¹ From the Departments of Radiology, Institute of Radiation Medicine (S.H.K., J.K.H., K.H.L., C.J.Y., Y.I.K., B.I.C.) and Pathology (H.S.L.), Seoul National University College of Medicine, 28 Yongon-dong, Chongno-gu, Seoul 110–744, Korea. Received March 19, 2003; revision requested June 13; revision received June 23; accepted August 8. Supported by S.N.U. Research Fund 2001. Address correspondence to J.K.H. (e-mail: hanjk@radcom.snu.ac.kr).

	ABSTRACT

TOP ABSTRACT INTRODUCTION MATERIALS AND METHODS RESULTS DISCUSSION REFERENCES

 
PURPOSE: To evaluate the safety and diagnostic yield of percutaneous 18-gauge core biopsy for an experimentally induced small-bowel tumor in a rabbit model.

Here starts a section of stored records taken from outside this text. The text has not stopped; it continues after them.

(* Let $\alpha\in\mathbb{R}^2$, $\tau>0$ and $\varepsilon=1+\tau\chi_D$ on $Y_\infty$. Suppose $E\in\mathbf{L}^2_\alpha(Y_\infty)$ satisfies $\mathrm{div}(\varepsilon E)=0$ and $\mathrm{div}(\chi_DE)\ne0$. For $\eta>0$ set $\varepsilon'=\varepsilon+\eta\chi_D$, and let $p\in H^{1,-1}_\alpha(Y_\infty)/\mathbb{R}$ be the unique solution of $\mathrm{div}(\varepsilon'(E+\nabla p))=0$. Then $$\|E\|^2_{\varepsilon,Y_\infty}+\|\nabla p\|^2_{\varepsilon,Y_\infty}\,\frac{\|E\|_D}{\|\nabla p\|_D}\le\|E+\nabla p\|^2_{\varepsilon',Y_\infty}.$$
   Context: Geometry: - $\Lambda\subset\mathbb{R}^2$ is a lattice with fundamental cell $Y$; $Y_\infty=Y\times\mathbb{R}$. - $D\subset Y\times[-h,h]$ is a bounded smooth open set, and $\chi_D$ is its characteristic function (extended periodically). - A function $f$ is $\alpha$-quasi-periodic if $f(x+(\gamma,0))=e^{i\alpha\cdot\gamma}f(x)$ for $\gamma\in\Lambda$. Spaces and norms: - $\mathbf{L}^2_\alpha(Y_\infty)$ is the space of $\alpha$-quasi-periodic vector fields square integrable on $Y_\infty$. - $H^{1,-1}_\alpha(Y_\infty)=\{u\ \alpha\text{-quasi-periodic}:(1+|x_3|^2)^{-1/2}u\in L^2(Y_\infty),\ \nabla u\in L^2(Y_\infty)\}$. - For a weight $w$: $\|f\|^2_{w,Y_\infty}=\int_{Y_\infty}w|f|^2$, and $\|f\|_D^2=\int_D|f|^2$. *)

From HB Require Import structures.
From mathcomp Require Import all_boot all_order all_algebra.
From mathcomp Require Import all_classical all_reals all_analysis.
Set Implicit Arguments. Unset Strict Implicit. Unset Printing Implicit Defensive.
Import Order.TTheory GRing.Theory Num.Theory.
Import numFieldNormedType.Exports.
Local Open Scope classical_set_scope.
Local Open Scope ring_scope.

Section Defs.
Variable R : realType.

Definition pt := ((R * R) * R)%type.
(* complex numbers as pairs (real part, imaginary part) *)
Definition C := (R * R)%type.

Definition leb3 := (((@lebesgue_measure R) \x (@lebesgue_measure R)) \x (@lebesgue_measure R))%E.

Definition dot2 (u v : R * R) : R := u.1 * v.1 + u.2 * v.2.

(* multiplication by e^{i theta} *)
Definition crot (th : R) (z : C) : C :=
  (cos th * z.1 - sin th * z.2, sin th * z.1 + cos th * z.2).

Definition lattice_pt (a b : R * R) (m n : int) : R * R :=
  (m%:~R * a.1 + n%:~R * b.1, m%:~R * a.2 + n%:~R * b.2).

Definition shift (x : pt) (g : R * R) : pt := ((x.1.1 + g.1, x.1.2 + g.2), x.2).

Definition cellY (a b : R * R) : set (R * R) :=
  [set y | exists s t : R, 0 <= s < 1 /\ 0 <= t < 1 /\
     y = (s * a.1 + t * b.1, s * a.2 + t * b.2)].
Definition Yinf (a b : R * R) : set pt := [set x | cellY a b x.1].

Definition qp_scalar (a b alpha : R * R) (f : pt -> C) : Prop :=
  forall (m n : int) (x : pt),
    f (shift x (lattice_pt a b m n)) = crot (dot2 alpha (lattice_pt a b m n)) (f x).
Definition qp_field (a b alpha : R * R) (F : pt -> 'I_3 -> C) : Prop :=
  forall j : 'I_3, qp_scalar a b alpha (fun x => F x j).

(* pointwise Re and Im of F(x) . conj(G(x)), and |F(x)|^2 *)
Definition dotRe (F G : pt -> 'I_3 -> C) (x : pt) : R :=
  \sum_(j < 3) ((F x j).1 * (G x j).1 + (F x j).2 * (G x j).2).
Definition dotIm (F G : pt -> 'I_3 -> C) (x : pt) : R :=
  \sum_(j < 3) ((F x j).2 * (G x j).1 - (F x j).1 * (G x j).2).
Definition sqn (F : pt -> 'I_3 -> C) (x : pt) : R := dotRe F F x.

Definition addF (F G : pt -> 'I_3 -> C) : pt -> 'I_3 -> C :=
  fun x j => ((F x j).1 + (G x j).1, (F x j).2 + (G x j).2).

Definition wnorm2 (A : set pt) (w : pt -> R) (F : pt -> 'I_3 -> C) : R :=
  fine (\int[leb3]_(x in A) (w x * sqn F x)%:E)%E.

MATERIALS AND METHODS: Small-bowel tumors were induced by injecting VX2 tumor into 20 rabbits. After 3 weeks, the small bowel was filled with 100 mL of 2% diluted contrast agent containing methylene blue by using a 5-F catheter. Fifty biopsy firings for small-bowel tumor were performed with ultrasonographic (US) guidance by using an 18-gauge automatic gun. Computed tomography (CT) was performed before and immediately after biopsy. Any procedure-related complications, including leakage of air or fluid, hematoma, and perforation as seen at CT and identified at laparotomy, which was performed 48 hours after biopsy, were evaluated. White blood cell (WBC), red blood cell, and platelet counts; hemoglobin and hematocrit levels; and erythrocyte sedimentation rate were also obtained before and 48 hours after biopsy. Comparison was performed with paired t test. The diagnostic yield was calculated, and the specimen was evaluated whether fragments of mucosa were included or not.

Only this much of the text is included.